15 tahun berlalu, tapi Steven masih ingat akan janjinya dulu kepada malaikat kecil yang sudah menolongnya waktu itu.
"Jika kau sudah besar nanti aku akan mencarimu, kita akan menikah."
"Janji?"
"Ya, aku janji."
Sampai akhirnya Steven bertemu kembali dengan gadis yang diyakini malaikat kecil dulu. Namun sang gadis tidak mengingatnya, dan malah membencinya karena awal pertemuan mereka yang tidak mengenakkan.
Semesta akhirnya membuat mereka bersatu karena kesalahpahaman.
Benarkah Gadis itu malaikat kecil Steven dulu? atau orang lain yang mirip dengannya?
Karya ini diterbitkan atas izin NovelToon Tiny Flavoi, isi konten hanyalah pandangan pribadi pembuatnya, tidak mewakili NovelToon sendiri
18 - Menginap di rumah Bunda part II
Setelah makan malam bersama, mereka berkumpul diruang keluarga. Galang juga baru saja pulang dari kantornya.
"Wih, ada manten baru nih kemari," ucap Galang cukup surprise saat melihat Steven dan Vania tengah mengobrol santai sambil menonton televisi.
"Udah mandi dulu sana! diluar banyak virus lho," perintah Rimba yang tiba-tiba nongol dari arah belakang Galang. Dia baru saja membuatkan lemon tea hangat untuk Steven dan Vania.
Galang yang melihat Rimba membawa dua cangkir minuman tersebut langsung terkekeh, "Tumben rajin, biasanya juga ogah-ogahan kalo bunda minta dibikinin teh," sindirnya.
Rimba mendengus dan langsung melotot geram. Kalau saja dirinya tidak sedang membawa cangkir minuman, mungkin udah habis kakaknya itu ia hajar.
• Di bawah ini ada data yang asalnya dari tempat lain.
(* Let $a>0$ and let $F$ be a smooth function on $\mathbb H^2(-a^2)$; set $f=F\circ Y^{-1}$ on the Euclidean unit disc $D_O(1)$. Then, provided the right-hand side is finite, $$\|\overline\nabla(\nabla F)\|_{L^2(\mathbb H^2(-a^2))}^2\le 10a^2\int_{D_O(1)}\Big\{|\nabla^{\mathbb R^2}f|^2+(1-|y|^2)^2|\nabla^{\mathbb R^2}\nabla^{\mathbb R^2}f|^2\Big\}\,dy_1\,dy_2,$$ where $|\nabla^{\mathbb R^2}\nabla^{\mathbb R^2}f|^2=\sum_{i,j=1}^2|\partial_{y_i}\partial_{y_j}f|^2$.
   Context: $\mathbb H^2(-a^2)$ is realized as the hyperboloid $\{(x_0,x_1,x_2)\in\mathbb R^3: x_0^2-x_1^2-x_2^2=1/a^2,\ x_0>0\}$ with the metric induced by $-dx_0^2+dx_1^2+dx_2^2$; it is the two-dimensional hyperbolic space of constant curvature $-a^2$. $Y:\mathbb H^2(-a^2)\to D_O(1)=\{y\in\mathbb R^2:|y|<1\}$ is the global coordinate chart $Y(x)=(x_1,x_2)/(x_0+1/a)$, in which the metric is $g=\frac{4}{a^2(1-|y|^2)^2}(dy_1^2+dy_2^2)$. $\nabla F$ is the Riemannian gradient vector field of $F$, $\overline\nabla$ the Levi-Civita connection, and $|\overline\nabla(\nabla F)|$ the pointwise norm of this $(1,1)$-tensor with respect to the induced metric; $L^2$ is with respect to the Riemannian volume. $\nabla^{\mathbb R^2}$ denotes the Euclidean gradient on $D_O(1)$. *)

From HB Require Import structures.
From mathcomp Require Import all_boot all_order all_algebra.
From mathcomp Require Import all_classical all_reals all_analysis.
Set Implicit Arguments. Unset Strict Implicit. Unset Printing Implicit Defensive.
Import Order.TTheory GRing.Theory Num.Theory.
Import numFieldNormedType.Exports.
Local Open Scope classical_set_scope.
Local Open Scope ring_scope.

Section Hyp.
Variable R : realType.

Definition coord (i : 'I_2) (y : R * R) : R := if val i == 0%N then y.1 else y.2.

Definition sqnorm (y : R * R) : R := y.1 ^+ 2 + y.2 ^+ 2.

Definition disc : set (R * R) := [set y | sqnorm y < 1].

Definition pd (i : 'I_2) (f : R * R -> R) : R * R -> R :=
  fun y => if val i == 0%N then derive1 (fun t => f (t, y.2)) y.1
           else derive1 (fun t => f (y.1, t)) y.2.

Definition iter_pd (l : seq 'I_2) (f : R * R -> R) : R * R -> R :=
  foldr pd f l.

Definition smooth_on (D : set (R * R)) (f : R * R -> R) : Prop :=
  forall l : seq 'I_2,
    (forall y, D y -> {for y, continuous (iter_pd l f)}) /\
    (forall y, D y ->
       derivable (fun t => iter_pd l f (t, y.2)) y.1 1 /\
       derivable (fun t => iter_pd l f (y.1, t)) y.2 1).

(* Y^{-1} : D_O(1) -> H^2(-a^2) subset R^3, inverse of
   Y(x) = (x1, x2) / (x0 + 1/a). *)
Definition Yinv (a : R) (y : R * R) : R * R * R :=
  ((1 + sqnorm y) / (a * (1 - sqnorm y)),
   2 * y.1 / (a * (1 - sqnorm y)),
   2 * y.2 / (a * (1 - sqnorm y))).

(* conformal factor of the hyperbolic metric in the chart Y:
   g = gconf a y (dy1^2 + dy2^2),  gconf a y = 4 / (a^2 (1-|y|^2)^2) *)
Definition gconf (a : R) (y : R * R) : R := 4 / (a ^+ 2 * (1 - sqnorm y) ^+ 2).

Definition gmet (a : R) (i j : 'I_2) (y : R * R) : R :=
  if i == j then gconf a y else 0.
Definition ginv (a : R) (i j : 'I_2) (y : R * R) : R :=
  if i == j then (gconf a y)^-1 else 0.

Definition christoffel (a : R) (k i j : 'I_2) (y : R * R) : R :=
  2^-1 * \sum_(l < 2) ginv a k l y *
    (pd i (gmet a j l) y + pd j (gmet a i l) y - pd l (gmet a i j) y).

(* components of the covariant Hessian (nabla-bar nabla F)_{ij}
   (lowered indices) in the chart Y, where f = F o Y^{-1} *)
Definition hess (a : R) (f : R * R -> R) (i j : 'I_2) (y : R * R) : R :=
  pd i (pd j f) y - \sum_(k < 2) christoffel a k i j y * pd k f y.

(* pointwise squared norm |nabla-bar (nabla F)|^2 with respect to g:
   g^{ik} g^{jl} H_ij H_kl (same for the (1,1)-tensor H^i_j = g^{ik} H_kj) *)
Definition hess_sqnorm (a : R) (f : R * R -> R) (y : R * R) : R :=
  \sum_(i < 2) \sum_(j < 2) \sum_(k < 2) \sum_(l < 2)
    ginv a i k y * ginv a j l y * hess a f i j y * hess a f k l y.

(* Riemannian volume density sqrt(det g) in the chart Y *)
Definition voldens (a : R) (y : R * R) : R := Num.sqrt (gconf a y ^+ 2).

Definition leb2 := ((@lebesgue_measure R) \x (@lebesgue_measure R))%E.

(* ||nabla-bar (nabla F)||^2_{L^2(H^2(-a^2))}, computed through the global
   chart Y (extended-real valued, possibly +oo) *)
Definition lhs_norm (a : R) (f : R * R -> R) : \bar R :=
  (\int[leb2]_(y in disc) (hess_sqnorm a f y * voldens a y)%:E)%E.

Definition egrad_sq (f : R * R -> R) (y : R * R) : R :=
  \sum_(i < 2) (pd i f y) ^+ 2.
Definition ehess_sq (f : R * R -> R) (y : R * R) : R :=
  \sum_(i < 2) \sum_(j < 2) (pd i (pd j f) y) ^+ 2.

Definition rhs_int (f : R * R -> R) : \bar R :=
  (\int[leb2]_(y in disc)
     (egrad_sq f y + (1 - sqnorm y) ^+ 2 * ehess_sq f y)%:E)%E.

End Hyp.

From Pilot Require Import Defs.
From HB Require Import structures.
From mathcomp Require Import all_boot all_order all_algebra.
From mathcomp Require Import all_classical all_reals all_analysis.
From mathcomp Require Import ring lra.
Import Order.TTheory GRing.Theory Num.Theory.
Import numFieldNormedType.Exports.
Local Open Scope ring_scope.

(* In the chart Y the metric is conformally flat, g = e^(2 phi) (dy1^2 + dy2^2)
   with d_i phi = q_i := 2 y_i / (1 - |y|^2).  Hence
   Gamma^k_ij = delta_jk q_i + delta_ik q_j - delta_ij q_k, and the covariant
   Hessian is the Euclidean one minus (q (x) df + df (x) q - <q, df> delta).  In
   dimension two this correction has squared norm 2 |q|^2 |df|^2, while
   |H|_g^2 dvol = g^-1 sum_ij H_ij^2 = a^2 (1 - |y|^2)^2 / 4 sum_ij H_ij^2.
   With (u - v)^2 <= 2 u^2 + 2 v^2 and |y| < 1 this gives, pointwise on the disc,
   |H|_g^2 dvol <= a^2 (1 - |y|^2)^2 |d^2 f|^2 / 2 + 4 a^2 |df|^2, which is then
   integrated. *)

Lemma sum_delta (R : pzSemiRingType) (I : finType) (i : I) (F : I -> R) :
  \sum_k (i == k)%:R * F k = F i.
Proof.
rewrite (bigD1 i) //= eqxx mul1r big1 ?addr0 // => k.
by rewrite eq_sym => /negbTE ->; rewrite mul0r.
Qed.

Lemma sum_diag_quadratic (R : comPzRingType) (I : finType) (G : R) (H : I -> I -> R) :
  \sum_i \sum_j \sum_k \sum_l
    (if i == k then G else 0) * (if j == l then G else 0) * H i j * H k l =
  G ^+ 2 * \sum_i \sum_j H i j ^+ 2.
Proof.
rewrite mulr_sumr; apply: eq_bigr => i _; rewrite mulr_sumr; apply: eq_bigr => j _.
transitivity (\sum_k (i == k)%:R * \sum_l (j == l)%:R * (G ^+ 2 * H i j * H k l)).
  apply: eq_bigr => k _; rewrite mulr_sumr; apply: eq_bigr => l _.
  by case: eqP => _; case: eqP => _; rewrite ?(mul0r, mulr0, mul1r) // expr2; ring.
by rewrite sum_delta (@sum_delta _ _ j) expr2 mulrA.
Qed.

Lemma sqr_subr_le (R : realDomainType) (x z : R) :
  (x - z) ^+ 2 <= 2 * x ^+ 2 + 2 * z ^+ 2.
Proof.
have -> : 2 * x ^+ 2 + 2 * z ^+ 2 = (x - z) ^+ 2 + (x + z) ^+ 2 by ring.
by rewrite lerDl; exact: sqr_ge0.
Qed.

Lemma sum_sqr_subr_le (R : realDomainType) (I : finType) (A T : I -> I -> R) :
  \sum_i \sum_j (A i j - T i j) ^+ 2 <=
  2 * \sum_i \sum_j A i j ^+ 2 + 2 * \sum_i \sum_j T i j ^+ 2.
Proof.
rewrite !mulr_sumr -big_split ler_sum // => i _.
by rewrite !mulr_sumr -big_split ler_sum // => j _; apply: sqr_subr_le.
Qed.

Lemma sum_sqr_traceless_sym2 (R : comPzRingType) (q f : 'I_2 -> R) :
  \sum_i \sum_j (q i * f j + q j * f i - (i == j)%:R * \sum_k q k * f k) ^+ 2 =
  2 * (\sum_i q i ^+ 2) * (\sum_i f i ^+ 2).
Proof. rewrite !big_ord_recr !big_ord0 /=; ring. Qed.

Lemma derive1_conformal_factor (R : realType) (a b t : R) :
  a != 0 -> 1 - (t ^+ 2 + b) != 0 ->
  derive1 (fun s => 4 / (a ^+ 2 * (1 - (s ^+ 2 + b)) ^+ 2)) t =
  4 / (a ^+ 2 * (1 - (t ^+ 2 + b)) ^+ 2) * (4 * t / (1 - (t ^+ 2 + b))).
Proof.
move=> a0 c0.
pose Q : {poly R} := (4^-1 * a ^+ 2)%:P * (1 - ('X^2 + b%:P)) ^+ 2.
have QE s : Q.[s] = 4^-1 * a ^+ 2 * (1 - (s ^+ 2 + b)) ^+ 2 by rewrite !hornerE.
have -> : (fun s => 4 / (a ^+ 2 * (1 - (s ^+ 2 + b)) ^+ 2)) = (fun s => Q.[s]^-1).
  by apply/funext => s; rewrite QE -mulrA [RHS]invfM invrK mulrC.
have Qt0 : Q.[t] != 0 by rewrite QE !mulf_neq0 ?invr_eq0 ?pnatr_eq0 ?expf_neq0.
have dQ : Q^`().[t] = 4^-1 * a ^+ 2 * (2 * (1 - (t ^+ 2 + b)) * - (2 * t)).
  rewrite /Q derivM derivC mul0r add0r expr2 derivM !derivB !derivD derivXn.
  by rewrite -polyC1 !derivC !hornerE /=; ring.
have dV := is_deriveV Qt0 (is_derive_poly Q t).
rewrite derive1E (@derive_val _ _ _ _ _ _ _ dV) dQ QE.
by rewrite -[LHS]/(- _ ^- 2 * _); field; rewrite a0 c0.
Qed.

Section conformal_chart.
Variables (R : realType) (a : R) (y : R * R).
Hypotheses (a_gt0 : 0 < a) (y_disc : disc y).

Let c := 1 - sqnorm y.
Let q (i : 'I_2) := 2 * Defs.coord i y / c.

Let c_gt0 : 0 < c. Proof. by rewrite subr_gt0. Qed.

Lemma gconf_gt0 : 0 < gconf a y.
Proof. by rewrite divr_gt0 // mulr_gt0 // exprn_gt0. Qed.

Lemma pd_gconf i : pd i (gconf a) y = gconf a y * (2 * q i).
Proof.
have a0 : a != 0 by rewrite gt_eqF.
have c0 : c != 0 by rewrite gt_eqF.
have -> : 2 * q i = 4 * Defs.coord i y / c by rewrite /q; ring.
rewrite /pd /Defs.coord.
case: ifP => _.
  by rewrite [LHS](@derive1_conformal_factor _ a (y.2 ^+ 2) y.1).
rewrite (_ : (fun t => gconf a (y.1, t)) =
             (fun t => 4 / (a ^+ 2 * (1 - (t ^+ 2 + y.1 ^+ 2)) ^+ 2))).
  by rewrite derive1_conformal_factor; rewrite ?[y.2 ^+ 2 + _]addrC.
by apply: funext => t; rewrite /gconf /sqnorm /= [_ + t ^+ 2]addrC.
Qed.

Lemma pd_gmet i j l :
  pd i (gmet a j l) y = (j == l)%:R * (gconf a y * (2 * q i)).
Proof.
rewrite /gmet; case: eqP => _; first by rewrite mul1r pd_gconf.
by rewrite mul0r /pd; case: ifP => _; exact: derive1_cst.
Qed.

Lemma christoffel_conformal k i j : christoffel a k i j y =
  (j == k)%:R * q i + (i == k)%:R * q j - (i == j)%:R * q k.
Proof.
rewrite /christoffel (bigD1 k) //= big1 ?addr0 => [|l]; last first.
  by rewrite /ginv eq_sym => /negbTE ->; rewrite mul0r.
rewrite /ginv eqxx !pd_gmet.
by field; rewrite gt_eqF // gconf_gt0.
Qed.

Lemma hess_conformal f i j : hess a f i j y = pd i (pd j f) y -
  (q i * pd j f y + q j * pd i f y - (i == j)%:R * \sum_k q k * pd k f y).
Proof.
rewrite /hess; congr (_ - _).
transitivity (\sum_k ((j == k)%:R * (q i * pd k f y) +
  (i == k)%:R * (q j * pd k f y) - (i == j)%:R * (q k * pd k f y))).
  by apply: eq_bigr => k _; rewrite christoffel_conformal; ring.
by rewrite sumrB big_split /= !sum_delta -mulr_sumr.
Qed.

Lemma hess_density f : hess_sqnorm a f y * voldens a y =
  (gconf a y)^-1 * \sum_i \sum_j hess a f i j y ^+ 2.
Proof.
have g0 := gconf_gt0.
rewrite /hess_sqnorm /ginv sum_diag_quadratic /voldens sqrtr_sqr ger0_norm ?ltW //.
by field; rewrite gt_eqF.
Qed.

Lemma hess_density_ge0 f : 0 <= hess_sqnorm a f y * voldens a y.
Proof.
rewrite hess_density; apply: mulr_ge0; first by rewrite invr_ge0 ltW ?gconf_gt0.
by apply: sumr_ge0 => i _; apply: sumr_ge0 => j _; exact: sqr_ge0.
Qed.

Lemma hess_density_le f : hess_sqnorm a f y * voldens a y <=
  10 * a ^+ 2 * (egrad_sq f y + c ^+ 2 * ehess_sq f y).
Proof.
have c0 : c != 0 by rewrite gt_eqF.
set E := ehess_sq f y; set G := egrad_sq f y.
have E0 : 0 <= E.
  by apply: sumr_ge0 => i _; apply: sumr_ge0 => j _; exact: sqr_ge0.
have G0 : 0 <= G by apply: sumr_ge0 => i _; exact: sqr_ge0.
have qE : \sum_i q i ^+ 2 = 4 * sqnorm y / c ^+ 2.
  by rewrite !big_ord_recr big_ord0 /= /q /Defs.coord /sqnorm /=; field.
have hessE : \sum_i \sum_j hess a f i j y ^+ 2 <=
             2 * E + 2 * (2 * (4 * sqnorm y / c ^+ 2) * G).
  under eq_bigr do under eq_bigr do rewrite hess_conformal.
  by rewrite -qE -sum_sqr_traceless_sym2; exact: sum_sqr_subr_le.
rewrite hess_density (_ : (gconf a y)^-1 = a ^+ 2 * c ^+ 2 / 4); last first.
  by rewrite /gconf invf_div.
apply: le_trans (ler_wpM2l _ hessE) _.
  by rewrite divr_ge0 // mulr_ge0 // sqr_ge0.
have -> : a ^+ 2 * c ^+ 2 / 4 * (2 * E + 2 * (2 * (4 * sqnorm y / c ^+ 2) * G)) =
          a ^+ 2 * (c ^+ 2 * E / 2 + 4 * (sqnorm y * G)) by field.
rewrite [10 * _]mulrC -[X in _ <= X]mulrA ler_pM2l ?exprn_gt0 //.
have yG : sqnorm y * G <= G by rewrite ler_piMl // ?ltW // addr_ge0 ?sqr_ge0.
have cE : 0 <= c ^+ 2 * E by rewrite mulr_ge0 ?sqr_ge0.
lra.
Qed.

End conformal_chart.

Section scaled_integral.
Local Open Scope ereal_scope.
Import HBNNSimple.

(* No measurability is needed: for nonnegative integrands the integral is the
   supremum of the integrals of the simple functions below it. *)
Lemma ge0_le_scaled_integral (d : measure_display) (T : measurableType d)
    (R : realType) (mu : {measure set T -> \bar R}) (D : set T)
    (f g : T -> R) (k : R) : (0 < k)%R ->
  (forall x, D x -> 0 <= f x)%R -> (forall x, D x -> f x <= k * g x)%R ->
  \int[mu]_(x in D) (f x)%:E <= k%:E * \int[mu]_(x in D) (g x)%:E.
Proof.
move=> k0 f0 fg.
have g0 x : D x -> (0 <= g x)%R.
  by move=> Dx; have := le_trans (f0 x Dx) (fg x Dx); rewrite pmulr_rge0.
rewrite integral_mkcond [X in _ <= _ * X]integral_mkcond.
rewrite !ge0_integralTE; last 2 first.
- by move=> x; rewrite /patch; case: ifPn => // /set_mem Dx; rewrite lee_fin g0.
- by move=> x; rewrite /patch; case: ifPn => // /set_mem Dx; rewrite lee_fin f0.
apply: ge_ereal_sup => _ [h /= hf <-].
have k0' : (0 <= k^-1)%R by rewrite invr_ge0 ltW.
have -> : sintegral mu h = k%:E * sintegral mu (scale_nnsfun h k0').
  by rewrite sintegralrM muleA -EFinM mulfV ?gt_eqF // mul1e.
rewrite lee_pmul2l ?lte_fin //.
apply: ereal_sup_ubound; exists (scale_nnsfun h k0') => //= x.
have := hf x; rewrite /patch; case: ifPn => [/set_mem Dx|_]; rewrite !lee_fin.
  by move=> hx; rewrite ler_pdivrMl // (le_trans hx) // fg.
by move=> hx; rewrite mulr_ge0_le0 // ltW.
Qed.

End scaled_integral.

Theorem lemma3p1 (R : realType) (a : R) (F : R * R * R -> R) :
  0 < a ->
  smooth_on (@disc R) (F \o Yinv a) ->
  (rhs_int (F \o Yinv a) < +oo)%E ->
  (lhs_norm a (F \o Yinv a) <= (10 * a ^+ 2)%:E * rhs_int (F \o Yinv a))%E.
Proof.
move=> a_gt0 _ _.
apply: ge0_le_scaled_integral.
- by rewrite mulr_gt0 // exprn_gt0.
- by move=> y Dy; exact: hess_density_ge0.
- by move=> y Dy; exact: hess_density_le.
Qed.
"Inget, Lo udah kawin, sikap bar-barnya kurang-kurangin ya! bersikap lebih lembut, biar laki Lo makin sayang," gumam Galang seolah sudah tau arti dari tatapan geram sang adik.
Rimba berusaha menahan emosinya, ia menghela napasnya dalam-dalam, tapi sia-sia. Gadis itu pun terpancing juga untuk membalasnya. "Lo yang kurang-kurangin pacaran mulu sama Kak Priya, kapan seriusnya coba?" balas Rimba menyindir.
"Kok malah bawa-bawa Priya sih?" protes Galang.
"Bodo! Minggir ah!" balas Rimba sengaja menyenggol lengan Galang, melewatinya begitu saja.
Galang kembali terkekeh, rasanya puas kalau sudah mendengar ocehan adik satu-satunya itu. Lalu ia ijin pergi untuk ke kamarnya terlebih dahulu guna membersihkan diri.
.
"Apa sih, kalian selalu saja ribut kalo ketemu," gumam Vania saat Rimba menyerahkan secangkir lemon tea hangat itu padanya.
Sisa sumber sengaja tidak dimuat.